• [Task goal] Scan the lines below for the word "with". Copy each line you find it in.
Segment Start: Source information
Lemma psf_le x y : 0 <= x -> x <= y -> Rbar_lt y (radius a) -> f x <= f y.
Proof.
  intros Hx Hxy HyR. destruct (Req_dec x y) as [-> | Hne]; [apply Rle_refl |].
  destruct (is_derive_mvt f f' x y ltac:(lra)) as [c [Hc E]].
  - intros z Hz. apply is_derive_psf; [lra | apply (lt_radius_le z y); [lra | exact HyR]].
  - assert (0 <= f' c) by (apply psf'_nonneg; [lra | apply (lt_radius_le c y); [lra | exact HyR]]).
    nra.
Qed.

Definition chord_slope x := f x / x.

Definition tangent_intercept x := f x - x * f' x.

Lemma is_derive_tangent_intercept x :
  0 <= x -> Rbar_lt x (radius a) -> is_derive tangent_intercept x (- (x * f'' x)).
Proof.
  intros Hx HxR. unfold tangent_intercept.
  pose proof (is_derive_psf x Hx HxR) as H0. pose proof (is_derive_psf' x Hx HxR) as H1.
  replace (- (x * f'' x)) with (f' x - (1 * f' x + x * f'' x)) by ring.
  apply (is_derive_minus f (fun y => y * f' y)); [exact H0 |].
  apply (is_derive_mult (fun y => y) f');
    [exact (is_derive_id (K := R_AbsRing) x) | exact H1 | intros; apply Rmult_comm].
Qed.

Lemma is_derive_chord_slope x :
  0 < x -> Rbar_lt x (radius a) -> is_derive chord_slope x (- tangent_intercept x / x ^ 2).
Proof.
  intros Hx HxR. unfold chord_slope, tangent_intercept.
  replace (- (f x - x * f' x) / x ^ 2) with ((f' x * x - f x * 1) / x ^ 2) by (field; lra).
  apply (is_derive_div f (fun y => y));
    [apply is_derive_psf; [lra | exact HxR] | exact (is_derive_id (K := R_AbsRing) x) | lra].
Qed.

Lemma one_sub_mean_f x :
  0 <= x -> Rbar_lt x (radius a) -> 1 - mean_f a x = tangent_intercept x / f x.
Proof.
  intros Hx HxR. pose proof (psf_pos x Hx HxR) as Hf. unfold psf in Hf.
  unfold mean_f, tangent_intercept, psf.
  rewrite Derive_PSeries by (apply abs_lt_radius; assumption).
  field. lra.
Qed.

Section Offspring.

Variable t : R.
Hypothesis t_pos : 0 < t.
Hypothesis t_lt_radius : Rbar_lt t (radius a).

Lemma pgf_Y_pos s : 0 <= s <= 1 -> 0 < pgf_Y a t s.
Proof.
  intros Hs. unfold pgf_Y. apply Rdiv_lt_0_compat.
  - apply psf_pos; [nra | apply (lt_radius_le _ t); [nra | exact t_lt_radius]].
  - apply psf_pos; [lra | exact t_lt_radius].
Qed.

Lemma pgf_Y_le s s' : 0 <= s -> s <= s' -> s' <= 1 -> pgf_Y a t s <= pgf_Y a t s'.
Proof.
  intros Hs Hss' Hs'. unfold pgf_Y, Rdiv.
  apply Rmult_le_compat_r; [apply Rlt_le, Rinv_0_lt_compat, psf_pos; [lra | exact t_lt_radius] |].
  apply psf_le; [nra | nra | apply (lt_radius_le _ t); [nra | exact t_lt_radius]].
Qed.

Lemma pgf_Y_1 : pgf_Y a t 1 = 1.
Proof.
  unfold pgf_Y. rewrite Rmult_1_r. apply Rinv_r.
  apply Rgt_not_eq, psf_pos; [lra | exact t_lt_radius].
Qed.

Lemma pgf_Y_continuous s : 0 <= s <= 1 -> continuous (pgf_Y a t) s.
Proof.
  intros Hs. apply (is_derive_continuous _ _ (t * f' (t * s) / f t)).
  pose proof (psf_pos t ltac:(lra) t_lt_radius).
  pose proof (is_derive_psf (t * s) ltac:(nra)
                (lt_radius_le (t * s) t ltac:(nra) t_lt_radius)) as Hf.
  unfold pgf_Y. auto_derive.
  - exists (f' (t * s)). exact Hf.
  - replace (Derive (fun y => f y) (t * s)) with (f' (t * s))
      by (symmetry; exact (is_derive_unique _ _ _ Hf)).
    field. lra.
Qed.

Lemma extinction_prob_spec :
  let q := extinction_prob a t in
  0 < q <= 1 /\ pgf_Y a t q = q /\ (forall p, 0 <= p <= 1 -> pgf_Y a t p = p -> q <= p).
Proof.
  assert (HG0 : 0 <= pgf_Y a t 0) by (apply Rlt_le, pgf_Y_pos; lra).
  assert (HG1 : pgf_Y a t 1 <= 1) by (rewrite pgf_Y_1; apply Rle_refl).
  destruct (iter_least_fixpoint (pgf_Y a t) pgf_Y_le HG0 HG1 pgf_Y_continuous)
    as [Hq [Hfix Hleast]].
  cbv zeta. unfold extinction_prob. split; [split |]; [| tauto | tauto].
  rewrite <- Hfix. apply pgf_Y_pos. exact Hq.
Qed.

Lemma pgf_Y_fixed_iff s : 0 < s -> pgf_Y a t s = s <-> chord_slope (t * s) = chord_slope t.
Proof.
  intros Hs. pose proof (psf_pos t ltac:(lra) t_lt_radius). unfold pgf_Y, chord_slope.
  split; intros E.
  - replace (f (t * s)) with (f (t * s) / f t * f t) by (field; lra).
    rewrite E. field. lra.
  - replace (f (t * s)) with (f (t * s) / (t * s) * (t * s)) by (field; nra).
    rewrite E. field. lra.
Qed.

End Offspring.

Section Apex.

Variable tau : R.
Hypothesis tau_apex : is_apex a tau.

Let tau_pos : 0 < tau := proj1 tau_apex.
Let tau_lt_radius : Rbar_lt tau (radius a) := proj1 (proj2 tau_apex).

Lemma tangent_intercept_apex : tangent_intercept tau = 0.
Proof.
  pose proof (one_sub_mean_f tau (Rlt_le _ _ tau_pos) tau_lt_radius) as E.
  rewrite (proj2 (proj2 tau_apex)), Rminus_diag in E.
  pose proof (psf_pos tau (Rlt_le _ _ tau_pos) tau_lt_radius).
  replace (tangent_intercept tau) with (tangent_intercept tau / f tau * f tau) by (field; lra).
  rewrite <- E. ring.
Qed.

Lemma psf''_pos x : 0 < x -> Rbar_lt x (radius a) -> 0 < f'' x.
Proof.
  intros Hx HxR.
  set (b := PS_derive (PS_derive a)).
  assert (Hb : forall n, 0 <= b n) by exact (PS_derive_nonneg _ (PS_derive_nonneg a a_nonneg)).
  destruct (classic (exists n, b n <> 0)) as [[n Hn] | Hzero].
  - assert (Hbx : Rbar_lt x (CV_radius b)) by (unfold b; rewrite !CV_radius_derive; exact HxR).
    pose proof (PSeries_ge_term b x n Hb (Rlt_le _ _ Hx) Hbx).
    assert (0 < b n) by (specialize (Hb n); lra).
    assert (0 < x ^ n) by (apply pow_lt; lra).
    nra.
  - (* Otherwise the tangent intercept would be constant, whereas it is [a 0 > 0] at [0]
       and [0] at the apex. *)
    exfalso.
    assert (Hb0 : forall y, PSeries b y = 0).
    { intros y. rewrite (PSeries_ext b (fun _ => 0)); [apply PSeries_const_0 |].
      intros n. destruct (Req_dec (b n) 0) as [E | Hne]; [exact E |].
      exfalso. apply Hzero. exists n. exact Hne. }
    destruct (is_derive_mvt tangent_intercept (fun z => - (z * f'' z)) 0 tau tau_pos)
      as [c [Hc E]].
    { intros z Hz. apply is_derive_tangent_intercept; [lra |].
      apply (lt_radius_le z tau); [lra | exact tau_lt_radius]. }
    rewrite tangent_intercept_apex in E. fold b in E. rewrite Hb0 in E.
    unfold tangent_intercept, psf in E. rewrite PSeries_0 in E. lra.
Qed.

Lemma tangent_intercept_pos x : 0 <= x -> x < tau -> 0 < tangent_intercept x.
Proof.
  intros Hx Hxt. rewrite <- tangent_intercept_apex.
  apply (derive_neg_decreasing tangent_intercept (fun z => - (z * f'' z)) x tau Hxt).
  - intros z Hz. apply is_derive_tangent_intercept; [lra |].
    apply (lt_radius_le z tau); [lra | exact tau_lt_radius].
  - intros z Hz.
    pose proof (psf''_pos z ltac:(lra) (lt_radius_le z tau ltac:(lra) tau_lt_radius)). nra.
Qed.

Lemma tangent_intercept_neg x : tau < x -> Rbar_lt x (radius a) -> tangent_intercept x < 0.
Proof.
  intros Htx HxR. rewrite <- tangent_intercept_apex.
  apply (derive_neg_decreasing tangent_intercept (fun z => - (z * f'' z)) tau x Htx).
  - intros z Hz. apply is_derive_tangent_intercept; [lra |].
    apply (lt_radius_le z x); [lra | exact HxR].
  - intros z Hz.
    pose proof (psf''_pos z ltac:(lra) (lt_radius_le z x ltac:(lra) HxR)). nra.
Qed.

Lemma chord_slope_decreasing x y : 0 < x -> x < y -> y <= tau -> chord_slope y < chord_slope x.
Proof.
  intros Hx Hxy Hy.
  apply (derive_neg_decreasing chord_slope (fun z => - tangent_intercept z / z ^ 2) x y Hxy).
  - intros z Hz. apply is_derive_chord_slope; [lra |].
    apply (lt_radius_le z tau); [lra | exact tau_lt_radius].
  - intros z Hz. pose proof (tangent_intercept_pos z ltac:(lra) ltac:(lra)).
    assert (0 < tangent_intercept z / z ^ 2) by (apply Rdiv_lt_0_compat; [lra | apply pow_lt; lra]).
    unfold Rdiv in *. lra.
Qed.

Lemma chord_slope_increasing x y :
  tau <= x -> x < y -> Rbar_lt y (radius a) -> chord_slope x < chord_slope y.
Proof.
  intros Hx Hxy HyR.
  apply (derive_pos_increasing chord_slope (fun z => - tangent_intercept z / z ^ 2) x y Hxy).
  - intros z Hz. apply is_derive_chord_slope; [lra |].
    apply (lt_radius_le z y); [lra | exact HyR].
  - intros z Hz. pose proof (tangent_intercept_neg z ltac:(lra) (lt_radius_le z y ltac:(lra) HyR)).
    apply Rdiv_lt_0_compat; [lra | apply pow_lt; lra].
Qed.

Lemma extinction_prob_subcritical t : 0 < t -> t <= tau -> extinction_prob a t = 1.
Proof.
  intros Ht Htt.
  pose proof (lt_radius_le t tau Htt tau_lt_radius) as HtR.
  destruct (extinction_prob_spec t Ht HtR) as [[Hq0 Hq1] [Hfix _]].
  destruct (Req_dec (extinction_prob a t) 1) as [E | Hne]; [exact E | exfalso].
  apply (pgf_Y_fixed_iff t Ht HtR _ Hq0) in Hfix.
  pose proof (chord_slope_decreasing (t * extinction_prob a t) t ltac:(nra) ltac:(nra) Htt).
  lra.
Qed.

Definition dual_param t := t * extinction_prob a t.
Segment End: Source information
• [Exercise solution]
  replace (- (x * f'' x)) with (f' x - (1 * f' x + x * f'' x)) by ring.
  replace (- (f x - x * f' x) / x ^ 2) with ((f' x * x - f x * 1) / x ^ 2) by (field; lra).
  - replace (Derive (fun y => f y) (t * s)) with (f' (t * s))
  - replace (f (t * s)) with (f (t * s) / f t * f t) by (field; lra).
  - replace (f (t * s)) with (f (t * s) / (t * s) * (t * s)) by (field; nra).
  replace (tangent_intercept tau) with (tangent_intercept tau / f tau * f tau) by (field; lra).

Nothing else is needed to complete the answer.